Collatz(k) for all k \in [2^{n}, 2^{n+1}] where n \in \mathbb{Z}^+ > 2

That is to say, we only need prove that for an n > 2, all integers between consecutive powers of 2 resolve according to the collatz conjecture.  I’m not sure where to go from there, but for instance we can show that in general:

2^n + 1 \Rightarrow 3^{r} + 1 where r is the number of (divisible by 3) iterations such that n = 2r

Derivation:

Consider 2^n + 1 where n > 1

First step: 2^n + 1 must be odd, so multiply by 3 and add 1.

3(2^n +1) + 1

3\cdot2^n + 4

Second step: 3\cdot2^n + 4 must be even, so divide by 2.

\frac{3\cdot2^n + 4}{2}

3\cdot2^{n-1 }+ 2

Third step: 3\cdot2^{n-1}+ 2 must be even, so divide by 2.

\frac{3\cdot2^{n-1}+2}{2}

3\cdot2^{n-2}+1

We’ve gone through 3 steps.  If n = 2, we’re at 4 and we’re done.  Let’s say n is very large, so that we can go through another 3 iterations and find a pattern.

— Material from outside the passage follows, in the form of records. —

(* Let $p$ be an odd prime. For every integer $0<s<p-1$ we have $b_{1,s}(\alpha)=b_{1,p-1-s}(\alpha)$ in $\mathbb F_p[\alpha]$.
   Context: $\mathbb F_p$ is the field of $p$ elements, $\alpha$ an indeterminate, $\binom{x}{m}=x(x-1)\cdots(x-m+1)/m!$. For integers $0<r,s<p$ (interpreted as elements of $\mathbb F_p$), $b_{r,s}(\alpha)=\sum_{k=0}^{p-1}(-r/s)^k\binom{r\alpha-1}{p-1-k}\binom{s\alpha-1}{k}\in\mathbb F_p[\alpha]$. *)

From mathcomp Require Import all_boot all_order all_algebra.
Set Implicit Arguments. Unset Strict Implicit. Unset Printing Implicit Defensive.
Import GRing.Theory.
Local Open Scope ring_scope.

(* Generalized binomial coefficient of a polynomial q over a field F:
   binom(q, m) = q (q-1) ... (q-m+1) / m!.  (Only used with m <= p-1 in
   characteristic p, so m! is invertible.) *)
Definition poly_binom (F : fieldType) (q : {poly F}) (m : nat) : {poly F} :=
  (m`!%:R)^-1 *: \prod_(i < m) (q - (i%:R)%:P).

(* b_{r,s}(alpha) in F_p[alpha], with r, s read in F_p and alpha = 'X. *)
Definition b_poly (p r s : nat) : {poly 'F_p} :=
  \sum_(k < p)
    ((- ((r%:R : 'F_p) / (s%:R : 'F_p))) ^+ k) *:
      (poly_binom ((r%:R : 'F_p) *: 'X - 1) (p.-1 - k) *
       poly_binom ((s%:R : 'F_p) *: 'X - 1) k).

(* Both sides have degree < p, so it suffices that they agree at every c in F_p.
   At c = 0 both values are 1.  For c <> 0 pick representatives a, b, d in [1, p-1]
   of c, s c and (p-1-s) c, so that a + b + d is p or 2p.  At c the generalized
   binomials become ordinary ones, and b_{1,s}(c) is the coefficient of X^(p-1) in
   (1 + xX)^(b-1) (1 + X)^(a-1) with x = -a/b.  Expanding 1 + xX = (1 - x) + x (1 + X),
   only one term reaches X^(p-1) (as C(k, p-1) = [k = p-1] mod p for k <= 2p-2); by the
   theorems of Wilson and Fermat its value is 0 if a + b + d = p, and
   w(a) w(b) w(d) with w(u) = (u-1)!/u^(u-1) if a + b + d = 2p.
   This is symmetric in b and d, i.e. under s <-> p-1-s. *)

From mathcomp Require Import all_boot all_order all_algebra all_field zify ring.
Set Implicit Arguments. Unset Strict Implicit. Unset Printing Implicit Defensive.
Import GRing.Theory.
Local Open Scope ring_scope.

Lemma natr_ffact (R : nzRingType) (n m : nat) :
  (n ^_ m)%:R = \prod_(i < m) (n%:R - i%:R) :> R.
Proof.
elim: m => [|m IHm]; first by rewrite ffactn0 big_ord0.
rewrite ffactnSr big_ord_recr /= -IHm natrM.
have [le_mn | lt_nm] := leqP m n; first by rewrite natrB.
by rewrite ffact_small // !mul0r.
Qed.

Lemma coef_scaleXD1_exp (R : comNzRingType) (x : R) m j :
  ((x *: 'X + 1) ^+ m)`_j = x ^+ j *+ 'C(m, j).
Proof.
rewrite exprD1n.
under eq_bigr => i _ do rewrite exprZn scalerMnl.
rewrite coef_sumMXn (eq_bigl (fun i : 'I_m.+1 => val i == j)) //.
rewrite (big_ord1_eq _ (fun i => x ^+ i *+ 'C(m, i))).
by case: ltnP => // lt_mj; rewrite bin_small.
Qed.

Lemma coef_scaleXD1_exp_mul (R : comNzRingType) (x : R) m n N :
  ((x *: 'X + 1) ^+ m * ('X + 1) ^+ n)`_N =
  \sum_(i < m.+1) ((1 - x) ^+ (m - i) * x ^+ i) *+ 'C(m, i) *+ 'C(n + i, N).
Proof.
have -> : x *: 'X + 1 = (1 - x)%:P + x *: ('X + 1) :> {poly R}.
  by rewrite scalerDr alg_polyC polyCB polyC1 addrCA subrK.
rewrite exprDn mulr_suml coef_sum; apply: eq_bigr => i _.
rewrite -polyC_exp exprZn mul_polyC scalerA scalerMnl -scalerAl coefZ -exprD addnC.
have := coef_scaleXD1_exp (1 : R) (n + i) N; rewrite scale1r expr1n => ->.
by rewrite mulr_natr.
Qed.

Lemma eq_poly_finField (F : finFieldType) (q r : {poly F}) :
  (size q <= #|F|)%N -> (size r <= #|F|)%N -> (forall c, q.[c] = r.[c]) -> q = r.
Proof.
move=> szq szr qr; apply/eqP; rewrite -subr_eq0; apply: contraT => nz_qr.
have roots_qr : all (root (q - r)) (enum F).
  by apply/allP => c _; rewrite rootE hornerD hornerN qr subrr.
have := max_poly_roots nz_qr roots_qr (enum_uniq F).
by rewrite -cardE ltnNge (leq_trans (size_polyD _ _)) // size_polyN geq_max szq.
Qed.

Section PrimeCharacteristic.

Variables (F : fieldType) (p : nat).
Hypothesis pcharFp : p \in [pchar F].

Let p_pr : prime p := pcharf_prime pcharFp.
Let p_gt1 : (1 < p)%N := prime_gt1 p_pr.

Lemma natr_pchar_eq0 k : ((k%:R : F) == 0) = (p %| k)%N.
Proof. by rewrite (dvdn_pcharf pcharFp). Qed.

Lemma natr_pchar_neq0 k : (0 < k < p)%N -> (k%:R : F) != 0.
Proof. by case/andP=> k_gt0 lt_kp; rewrite natr_pchar_eq0 gtnNdvd. Qed.

Lemma fact_pchar_neq0 k : (k < p)%N -> (k`!%:R : F) != 0.
Proof.
elim: k => [|k IHk] lt_kp; first by rewrite fact0 oner_neq0.
by rewrite factS natrM mulf_neq0 ?IHk ?(ltnW lt_kp) // natr_pchar_neq0.
Qed.

(* Wilson's theorem is the case k = 0. *)
Lemma fact_reflect_pchar k : (k < p)%N -> ((p.-1 - k)`! * k`!)%:R = (-1) ^+ k.+1 :> F.
Proof.
elim: k => [|k IHk] lt_kp.
  apply/eqP; rewrite subn0 muln1 expr1 -addr_eq0 natr1 natr_pchar_eq0.
  by rewrite -(Wilson p_gt1) p_pr.
have e : (p.-1 - k = (p.-1 - k.+1).+1)%N by lia.
have eN : ((p.-1 - k)%:R : F) = - k.+1%:R.
  apply/eqP; rewrite -addr_eq0 -natrD natr_pchar_eq0.
  by have -> : (p.-1 - k + k.+1 = p)%N by lia.
rewrite e factS -e !natrM eN in IHk; rewrite factS !natrM exprS -IHk ?(ltnW lt_kp) //.
ring.
Qed.

Lemma bin_pred_pchar k : (k <= (p.-1).*2)%N -> ('C(k, p.-1)%:R : F) = (k == p.-1)%:R.
Proof.
move=> le_k.
have [lt_k | gt_k | ->] := ltngtP k p.-1; [by rewrite bin_small | | by rewrite binn].
have /(congr1 (fun n => n%:R : F)) := bin_fact (ltnW gt_k).
have /eqP -> : (k`!%:R : F) == 0 by rewrite natr_pchar_eq0 dvdn_fact //; lia.
move/eqP; rewrite !natrM !mulf_eq0 !(negPf (fact_pchar_neq0 _)) ?orbF; try lia.
by move/eqP.
Qed.

Lemma horner_poly_binom_nat (q : {poly F}) (c : F) n m :
  (m < p)%N -> q.[c] = n%:R -> (poly_binom q m).[c] = 'C(n, m)%:R.
Proof.
move=> lt_mp qc; rewrite /poly_binom hornerZ horner_prod.
under eq_bigr => i _ do rewrite hornerD hornerN hornerC qc.
by rewrite -natr_ffact -bin_ffact natrM mulrC mulfK ?fact_pchar_neq0.
Qed.

Lemma coef_pred_scaleXD1_exp_mul (x : F) n m : (n < p)%N -> (m < p)%N ->
  ((x *: 'X + 1) ^+ m * ('X + 1) ^+ n)`_p.-1 =
  if (p.-1 - n <= m)%N
  then ((1 - x) ^+ (m - (p.-1 - n)) * x ^+ (p.-1 - n)) *+ 'C(m, p.-1 - n) else 0.
Proof.
move=> lt_np lt_mp; rewrite coef_scaleXD1_exp_mul.
set G := fun i => ((1 - x) ^+ (m - i) * x ^+ i) *+ 'C(m, i).
rewrite (eq_bigr (fun i : 'I_m.+1 => if (i == p.-1 - n :> nat)%N then G i else 0)); last first.
  move=> i _; rewrite -mulr_natr bin_pred_pchar; last by have := ltn_ord i; lia.
  by rewrite mulr_natr mulrb; congr (if _ then _ else _); apply/eqP/eqP; lia.
by rewrite -big_mkcond (big_ord1_eq _ G).
Qed.

Lemma expr_pred_pchar (x : F) : x ^+ p = x -> x != 0 -> x ^+ p.-1 = 1.
Proof.
by move=> xp nz_x; apply: (mulIf nz_x); rewrite mul1r -exprSr prednK ?prime_gt0.
Qed.

Lemma expr_pred_subn (x : F) k :
  x ^+ p = x -> x != 0 -> (k <= p.-1)%N -> x ^+ (p.-1 - k) = x^-1 ^+ k.
Proof.
move=> xp nz_x le_k; apply: (mulIf (expf_neq0 k nz_x)).
by rewrite -exprD subnK // expr_pred_pchar // exprVn mulVf // expf_neq0.
Qed.

Lemma expr_natr_pchar k : (k%:R : F) ^+ p = k%:R.
Proof. by rewrite -(pFrobenius_autE pcharFp) rmorph_nat. Qed.

Lemma expr_ratio_pchar a b : (- (a%:R / b%:R) : F) ^+ p = - (a%:R / b%:R).
Proof.
rewrite -(pFrobenius_autE pcharFp) rmorphN fmorph_div.
by rewrite !rmorph_nat.
Qed.

Lemma bin_reflect_pchar m u v : (u < p)%N -> (v < p)%N -> (p.-1 - u + (p.-1 - v) = m)%N ->
  'C(m, p.-1 - u)%:R * (-1) ^+ (u + v) = (m`! * u`! * v`!)%:R :> F.
Proof.
move=> lt_up lt_vp def_m.
have -> : (-1) ^+ (u + v) = (-1) ^+ u.+1 * (-1) ^+ v.+1 :> F by rewrite exprD !exprS; ring.
rewrite mulrA -(fact_reflect_pchar lt_up) -(fact_reflect_pchar lt_vp) -!natrM.
rewrite -(bin_fact (_ : p.-1 - u <= m)%N); last by lia.
by rewrite (_ : m - (p.-1 - u) = p.-1 - v)%N; [congr (_%:R); ring | lia].
Qed.

(* [fact_weight n] is the weight w(n+1) of the sketch above. *)
Definition fact_weight (n : nat) : F := n`!%:R / n.+1%:R ^+ n.

Lemma coef_pred_weights n m l :
    (n < p.-1)%N -> (m < p.-1)%N -> (l < p.-1)%N -> (n.+1 + m.+1 + l.+1 = p.*2)%N ->
  (((- (n.+1%:R / m.+1%:R)) *: 'X + 1) ^+ m * ('X + 1) ^+ n)`_p.-1 =
  fact_weight n * fact_weight m * fact_weight l.
Proof.
move=> lt_n lt_m lt_l sum_nml.
rewrite coef_pred_scaleXD1_exp_mul ?ifT; try lia.
have nzN : (n.+1%:R : F) != 0 by apply: natr_pchar_neq0; lia.
have nzM : (m.+1%:R : F) != 0 by apply: natr_pchar_neq0; lia.
have nzL : (l.+1%:R : F) != 0 by apply: natr_pchar_neq0; lia.
have sumNML : (l.+1%:R : F) = - (n.+1%:R + m.+1%:R).
  apply/eqP; rewrite -addr_eq0 -!natrD natr_pchar_eq0 addnC sum_nml -muln2.
  exact: dvdn_mulr.
have binC : 'C(m, p.-1 - n)%:R * (-1) ^+ (n + l.+1) = (m`! * n`! * l.+1`!)%:R :> F.
  by apply: bin_reflect_pchar; lia.
have fermatM : (m.+1%:R : F) ^+ l.+1 * m.+1%:R ^+ n * m.+1%:R ^+ m = 1.
  rewrite -!exprD (_ : l.+1 + n + m = p.-1 + p.-1)%N; last by lia.
  by rewrite exprD expr_pred_pchar ?mulr1 ?expr_natr_pchar.
have -> : 1 - - (n.+1%:R / m.+1%:R) = - (l.+1%:R / m.+1%:R) :> F.
  by rewrite sumNML; field; rewrite addrC natr1.
rewrite (_ : m - (p.-1 - n) = p.-1 - l.+1)%N; last by lia.
rewrite !expr_pred_subn ?expr_ratio_pchar ?oppr_eq0 ?mulf_neq0 ?invr_eq0 //; try lia.
rewrite -mulr_natr /fact_weight; rewrite factS !natrM in binC.
(* Abstracted, so that [field] does not unfold n.+1%:R into 1 + n%:R. *)
move: (n.+1%:R : F) (m.+1%:R : F) (l.+1%:R : F) nzN nzM nzL binC fermatM.
move=> N M L nzN nzM nzL binC fermatM.
have nzMlMn : M ^+ l.+1 * M ^+ n != 0 by rewrite mulf_neq0 ?expf_neq0.
have -> : M ^+ m = (M ^+ l.+1 * M ^+ n)^-1.
  by rewrite -[RHS]mulr1 -fermatM mulrA mulVf ?mul1r.
have -> : 'C(m, p.-1 - n)%:R = m`!%:R * n`!%:R * (L * l`!%:R) / (-1) ^+ (n + l.+1).
  by rewrite -binC mulfK ?signr_eq0.
rewrite !invrN (invf_div L M) (invf_div N M) (exprNn (M / L)) (exprNn (M / N)).
rewrite !expr_div_n exprD !exprS.
by field; rewrite !expf_neq0 ?oppr_eq0 ?oner_eq0 ?nzM ?nzL ?nzN.
Qed.

Lemma coef_pred_closed n m l :
    (n < p.-1)%N -> (m < p.-1)%N -> (l < p.-1)%N -> (p %| n.+1 + m.+1 + l.+1)%N ->
  (((- (n.+1%:R / m.+1%:R)) *: 'X + 1) ^+ m * ('X + 1) ^+ n)`_p.-1 =
  if (n.+1 + m.+1 + l.+1 == p)%N then 0 else fact_weight n * fact_weight m * fact_weight l.
Proof.
move=> lt_n lt_m lt_l /dvdnP [k def_k].
have [k1 | k2] : k = 1%N \/ k = 2%N by nia.
  have -> : (n.+1 + m.+1 + l.+1 == p)%N by apply/eqP; lia.
  by rewrite coef_pred_scaleXD1_exp_mul ?ifF //; lia.
have -> : (n.+1 + m.+1 + l.+1 == p)%N = false by apply/eqP; lia.
by rewrite (coef_pred_weights lt_n lt_m lt_l) //; lia.
Qed.

End PrimeCharacteristic.

Lemma size_poly_binom (F : fieldType) (q : {poly F}) m :
  (size q <= 2)%N -> (size (poly_binom q m) <= m.+1)%N.
Proof.
move=> size_q; apply: leq_trans (size_scale_leq _ _) _.
elim: m => [|m IHm]; first by rewrite big_ord0 size_poly1.
rewrite big_ord_recr /=; apply: leq_trans (size_polyMleq _ _) _.
have : (size (q - (m%:R)%:P)%R <= 2)%N.
  by rewrite (leq_trans (size_polyD _ _)) // size_polyN geq_max size_q (leq_trans (size_polyC_leq1 _)).
move: (size _) (size _) IHm => a b; lia.
Qed.

Lemma size_b_poly p r s : (size (b_poly p r s) <= p)%N.
Proof.
have size_lin (a : 'F_p) : (size (a *: 'X - 1 : {poly 'F_p})%R <= 2)%N.
  rewrite (leq_trans (size_polyD _ _)) // size_polyN size_poly1 geq_max andbT.
  by rewrite (leq_trans (size_scale_leq _ _)) // size_polyX.
rewrite /b_poly; apply: (big_ind (fun q : {poly 'F_p} => size q <= p)%N).
- by rewrite size_poly0.
- by move=> q q' size_q size_q'; rewrite (leq_trans (size_polyD _ _)) // geq_max size_q.
move=> k _; rewrite (leq_trans (size_scale_leq _ _)) // (leq_trans (size_polyMleq _ _)) //.
have := size_poly_binom (p.-1 - k) (size_lin r%:R).
have := size_poly_binom k (size_lin s%:R).
move: (size (poly_binom _ (p.-1 - k))) (size (poly_binom _ k)) (ltn_ord k) => a b; lia.
Qed.

Section EvaluationOverFp.

Variables (p : nat) (p_pr : prime p).

Let pcharFp : p \in [pchar 'F_p] := pchar_Fp p_pr.

Lemma expr_Fp_p (u : 'F_p) : u ^+ p = u.
Proof. by have := expf_card u; rewrite card_Fp. Qed.

Lemma Fp_natr_succ (u : 'F_p) : u != 0 -> exists2 n, (n < p.-1)%N & n.+1%:R = u.
Proof.
move=> nz_u; have lt_up : (u < p)%N by rewrite -[X in (_ < X)%N](Fp_cast p_pr) ltn_ord.
have u_gt0 : (0 < u)%N.
  by rewrite lt0n; apply: contra nz_u => /eqP u0; rewrite -[u]natr_Zp u0.
by exists u.-1; [lia | rewrite prednK ?natr_Zp].
Qed.

Lemma horner_b_poly s n m (c : 'F_p) : (n < p)%N -> (m < p)%N ->
    n.+1%:R = c -> m.+1%:R = s%:R * c ->
  (b_poly p 1 s).[c] = (((- (1%:R / s%:R)) *: 'X + 1) ^+ m * ('X + 1) ^+ n)`_p.-1.
Proof.
move=> lt_np lt_mp nc mc.
have eval_n : ((1%:R : 'F_p) *: 'X - 1).[c] = n%:R.
  by rewrite hornerD hornerN hornerZ hornerX hornerC mul1r -nc mulrSr addrK.
have eval_m : ((s%:R : 'F_p) *: 'X - 1).[c] = m%:R.
  by rewrite hornerD hornerN hornerZ hornerX hornerC -mc mulrSr addrK.
rewrite /b_poly horner_sum coefM prednK ?prime_gt0 //.
apply: eq_bigr => k _.
have lt_k : (p.-1 - k < p)%N by have := ltn_ord k; lia.
rewrite hornerZ hornerM coef_scaleXD1_exp.
rewrite !(horner_poly_binom_nat pcharFp _ eval_n, horner_poly_binom_nat pcharFp _ eval_m) //.
have := coef_scaleXD1_exp (1 : 'F_p) n (p.-1 - k); rewrite scale1r expr1n => ->.
by rewrite mulrA mulrAC [_ * 'C(m, k)%:R]mulr_natr.
Qed.

Lemma horner_b_poly0 s : (0 < s)%N -> (s.+1 < p)%N -> (b_poly p 1 s).[0] = 1.
Proof.
move=> s_gt0 lt_sp; have p_gt0 := prime_gt0 p_pr.
have p0 : (p.-1.+1%:R : 'F_p) = 0 by rewrite prednK // pchar_Fp_0.
rewrite (horner_b_poly (n := p.-1) (m := p.-1)) ?p0 ?mulr0 ?ltn_predL //.
rewrite coef_pred_scaleXD1_exp_mul ?ltn_predL // subnn subn0 expr0 mulr1 bin0 mulr1n.
apply: (expr_pred_pchar pcharFp); first exact: expr_Fp_p.
have nz_s : (s%:R : 'F_p) != 0 by apply: (natr_pchar_neq0 pcharFp); lia.
have nz_s1 : (s.+1%:R : 'F_p) != 0 by apply: (natr_pchar_neq0 pcharFp); lia.
have -> : 1 - - (1%:R / s%:R) = s.+1%:R / s%:R :> 'F_p by rewrite -natr1; field.
by rewrite mulf_neq0 ?invr_eq0.
Qed.

Lemma horner_b_poly_sym s (c : 'F_p) : (0 < s)%N -> (s < p.-1)%N ->
  (b_poly p 1 s).[c] = (b_poly p 1 (p.-1 - s)).[c].
Proof.
move=> s_gt0 lt_s; set t := (p.-1 - s)%N.
have [-> | nz_c] := eqVneq c 0; first by rewrite !horner_b_poly0 //; lia.
have nz_s : (s%:R : 'F_p) != 0 by apply: (natr_pchar_neq0 pcharFp); lia.
have nz_t : (t%:R : 'F_p) != 0 by apply: (natr_pchar_neq0 pcharFp); lia.
have [n lt_n nc] := Fp_natr_succ nz_c.
have [m lt_m mc] := Fp_natr_succ (mulf_neq0 nz_s nz_c).
have [l lt_l lc] := Fp_natr_succ (mulf_neq0 nz_t nz_c).
have dvd_nml : (p %| n.+1 + m.+1 + l.+1)%N.
  rewrite -(natr_pchar_eq0 pcharFp) !natrD nc mc lc (_ : c + _ + _ = (s + t).+1%:R * c); last first.
    by rewrite mulrSr natrD; ring.
  by rewrite (_ : (s + t).+1 = p)%N ?pchar_Fp_0 ?mul0r //; lia.
have lt_np := leq_trans lt_n (leq_pred p).
rewrite (horner_b_poly lt_np (leq_trans lt_m (leq_pred p)) nc mc).
rewrite (horner_b_poly lt_np (leq_trans lt_l (leq_pred p)) nc lc).
have -> : 1%:R / s%:R = n.+1%:R / m.+1%:R :> 'F_p by rewrite nc mc; field; rewrite nz_c.
have -> : 1%:R / t%:R = n.+1%:R / l.+1%:R :> 'F_p by rewrite nc lc; field; rewrite nz_c.
rewrite (coef_pred_closed pcharFp lt_n lt_m lt_l dvd_nml).
rewrite (coef_pred_closed pcharFp lt_n lt_l lt_m); last by rewrite (addnAC n.+1 l.+1 m.+1).
by rewrite (addnAC n.+1 l.+1 m.+1) mulrAC.
Qed.

End EvaluationOverFp.

Theorem corollary14 (p : nat) (hp : prime p) (hodd : odd p) (s : nat)
  (hs0 : (0 < s)%N) (hs1 : (s < p.-1)%N) :
  b_poly p 1 s = b_poly p 1 (p.-1 - s).
Proof.
apply: eq_poly_finField; rewrite ?card_Fp ?size_b_poly // => c.
exact: horner_b_poly_sym.
Qed.
(* Let $n,d$ be positive integers and let $V=\mathbb{R}[\mathsf{x}]_{\leq d}$ be the $\mathfrak{S}_n$-module of all real polynomials of degree at most $d$ in the $\binom{n}{2}$ variables $\mathsf{x}_{ij}$, $1\le i<j\le n$. Then the multiplicity $m_{\bm{\lambda}}$ of the irreducible module $S_{\bm{\lambda}}$ in the decomposition of $V$ into irreducible $\mathfrak{S}_n$-modules is zero unless $\bm{\lambda}\geq_{\textup{lex}}(n-2d,1^{2d})$; that is, \[ V=\bigoplus_{\bm{\lambda}\geq_{\textup{lex}}(n-2d,1^{2d})} V_{\bm{\lambda}}.\]
   Context: $\mathbb{R}[\mathsf{x}]$ is the polynomial ring in the variables $\mathsf{x}_{ij}$, $1\le i<j\le n$ (write $\mathsf{x}_{ji}:=\mathsf{x}_{ij}$), and $\mathbb{R}[\mathsf{x}]_{\le d}$ is its subspace of polynomials of degree at most $d$. The symmetric group $\mathfrak{S}_n$ acts on $\mathbb{R}[\mathsf{x}]$ by ring automorphisms determined by $\mathfrak{s}\cdot\mathsf{x}_{ij}=\mathsf{x}_{\mathfrak{s}(i)\mathfrak{s}(j)}$; this preserves $\mathbb{R}[\mathsf{x}]_{\le d}$. The irreducible real $\mathfrak{S}_n$-modules are $S_{\bm{\lambda}}$, indexed by partitions $\bm{\lambda}\vdash n$. For an $\mathfrak{S}_n$-module $V$, the isotypic component $V_{\bm{\lambda}}$ is the span of all submodules of $V$ isomorphic to $S_{\bm{\lambda}}$, and $V=\bigoplus_{\bm{\lambda}\vdash n}V_{\bm{\lambda}}$ is the isotypic decomposition; $m_{\bm{\lambda}}$ is the number of copies of $S_{\bm{\lambda}}$ in $V$. Partitions are written as weakly decreasing sequences of positive parts; $(n-2d,1^{2d})$ denotes the hook partition with first part $n-2d$ followed by $2d$ parts equal to $1$. $\bm{\lambda}\geq_{\textup{lex}}\bm{\mu}$ means $\bm{\lambda}$ is lexicographically greater than or equal to $\bm{\mu}$ (comparing parts in order). *)

From HB Require Import structures.
From mathcomp Require Import all_boot all_algebra all_fingroup.
From mathcomp Require Import reals.
From mathcomp Require Import mpoly.

Set Implicit Arguments.
Unset Strict Implicit.
Unset Printing Implicit Defensive.
Import GRing.Theory.
Local Open Scope ring_scope.

Definition is_partition (n : nat) (lam : seq nat) : bool :=
  [&& sorted geq lam, all (fun k => 0 < k)%N lam & sumn lam == n].

Definition lex_ge (lam mu : seq nat) : Prop :=
  lam = mu \/
  exists i : nat, (forall j, (j < i)%N -> nth 0%N lam j = nth 0%N mu j) /\
                  (nth 0%N mu i < nth 0%N lam i)%N.

Definition hook (n d : nat) : seq nat := (n - 2 * d)%N :: nseq (2 * d) 1%N.

(* Cells of the Young diagram of lam are numbered 0..n-1 in row-reading
   order; rowof/colof give the row and column of cell number k. *)
Definition rowof (lam : seq nat) (k : nat) : nat :=
  \sum_(r < size lam) (sumn (take r.+1 lam) <= k)%N.
Definition colof (lam : seq nat) (k : nat) : nat :=
  (k - sumn (take (rowof lam k) lam))%N.

(* A tableau of shape lam is given by rho : 'S_n: entry rho k in cell k.
   A tabloid is encoded as the function (entry |-> row of that entry). *)
Definition tabloid_t (n : nat) := {ffun 'I_n -> 'I_n.+1}.

Definition tabloid_of (n : nat) (lam : seq nat) (rho : 'S_n) : tabloid_t n :=
  [ffun i => inord (rowof lam (rho^-1 i)%g)].
(* Let $n\geq 3$, $m=2^{n-1}$, and let $G_2(n)$ be the gyrogroup of order $2^n$ defined in the context. A subset $H$ of $G_2(n)$ is a subgyrogroup of $G_2(n)$ if and only if it has one of the following forms: (1) $H=\langle 2^s\rangle$, a subgroup of $P(n)$, with $0\leq s\leq n-1$; (2) $H=\langle 2^s, m\rangle$ with $0\leq s\leq n-1$; all such $H$ are subgroups of $G_2(n)$ (i.e. subgyrogroups on which the operation is associative, all gyroautomorphisms restricting to the identity) except $H=\langle 1,m\rangle=G_2(n)$; (3) $H=\langle m+2^s\rangle$ with $0\leq s\leq n-2$, which is a subgroup of $G_2(n)$.
   Context: Setup: $n\ge 3$, $m=2^{n-1}$, $G_2(n)=\{0,1,\dots,2^n-1\}$, $P(n)=\{0,\dots,m-1\}$, $H(n)=\{m,\dots,2^n-1\}$; $O_P,E_P$ are the odd/even elements of $P(n)$, $O_H,E_H$ the odd/even elements of $H(n)$. For $i,j\in G_2(n)$ let $t,s\in P(n)$ with $t\equiv i+j\pmod m$, $s\equiv i+j+\frac m2\pmod m$, and set $i\oplus j=t$ if $(i,j)\in (P(n)\times P(n))\cup\big[(H(n)\times H(n))\setminus(E_H\times O_H)\big]$; $i\oplus j=t+m$ if $(i,j)\in (P(n)\times H(n))\cup\big[(H(n)\times P(n))\setminus(E_H\times O_P)\big]$; $i\oplus j=s$ if $(i,j)\in E_H\times O_H$; $i\oplus j=s+m$ if $(i,j)\in E_H\times O_P$. Let $A\colon G_2(n)\to G_2(n)$ be $A(i)=r$ if $i\in O_P$, $A(i)=r+m$ if $i\in O_H$, $A(i)=i$ otherwise, where $r\in P(n)$, $r\equiv i+\frac m2\pmod m$. Let $M=[O_P\times(O_H\cup E_H)]\cup[O_H\times(O_P\cup E_H)]\cup[E_H\times(O_P\cup O_H)]$, and $\mathrm{gyr}[a,b]=A$ if $(a,b)\in M$, $\mathrm{gyr}[a,b]=I$ (identity) otherwise. Then $(G_2(n),\oplus)$ is a gyrogroup with identity $0$ and gyroautomorphisms $\mathrm{gyr}[a,b]$; the restriction of $\oplus$ to $P(n)$ is addition modulo $m$, so $P(n)\cong\mathbb{Z}_m$. A subgyrogroup of a gyrogroup $G$ is a nonempty subset $H$ which is a gyrogroup under the restriction of $\oplus$ and such that for all $a,b\in H$ the restriction of $\mathrm{gyr}[a,b]$ to $H$ is an automorphism of $H$. For a subset $X$, $\langle X\rangle$ denotes the subgyrogroup generated by $X$ (the smallest subgyrogroup containing $X$); in (1), $\langle 2^s\rangle$ is the cyclic subgroup of $P(n)\cong\mathbb{Z}_m$ generated by $2^s$ modulo $m$. *)

(* G_2(n) is modelled as the natural numbers
   0 .. 2^n - 1; subsets of G_2(n) are predicates nat -> Prop contained in
   [x < 2^n]. *)
From mathcomp Require Import all_boot.
Set Implicit Arguments. Unset Strict Implicit. Unset Printing Implicit Defensive.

Fourth step: 3\cdot2^{n-2}+1 is odd again, so multiply by 3 and add 1.

3(3\cdot2^{n-2}+1) + 1

3^2\cdot2^{n-2} + 4

Fifth step: Even again, divide by 2.

\frac{3^2\cdot2^{n-2} + 4}{2}

3^2\cdot2^{n-3} + 2

Sixth step: Still even, divide by 2.

\frac{3^2\cdot2^{n-3} + 2}{2}

3^2\cdot2^{n-4} + 1

The next iteration will increment the power of 3, and give us a number divisible by 4, and so on.

More generally, we’ll have:

3^{\frac{k}{3}}\cdot2^{n-2\frac{k}{3}}+1 for k iterations where k is divisible by 3.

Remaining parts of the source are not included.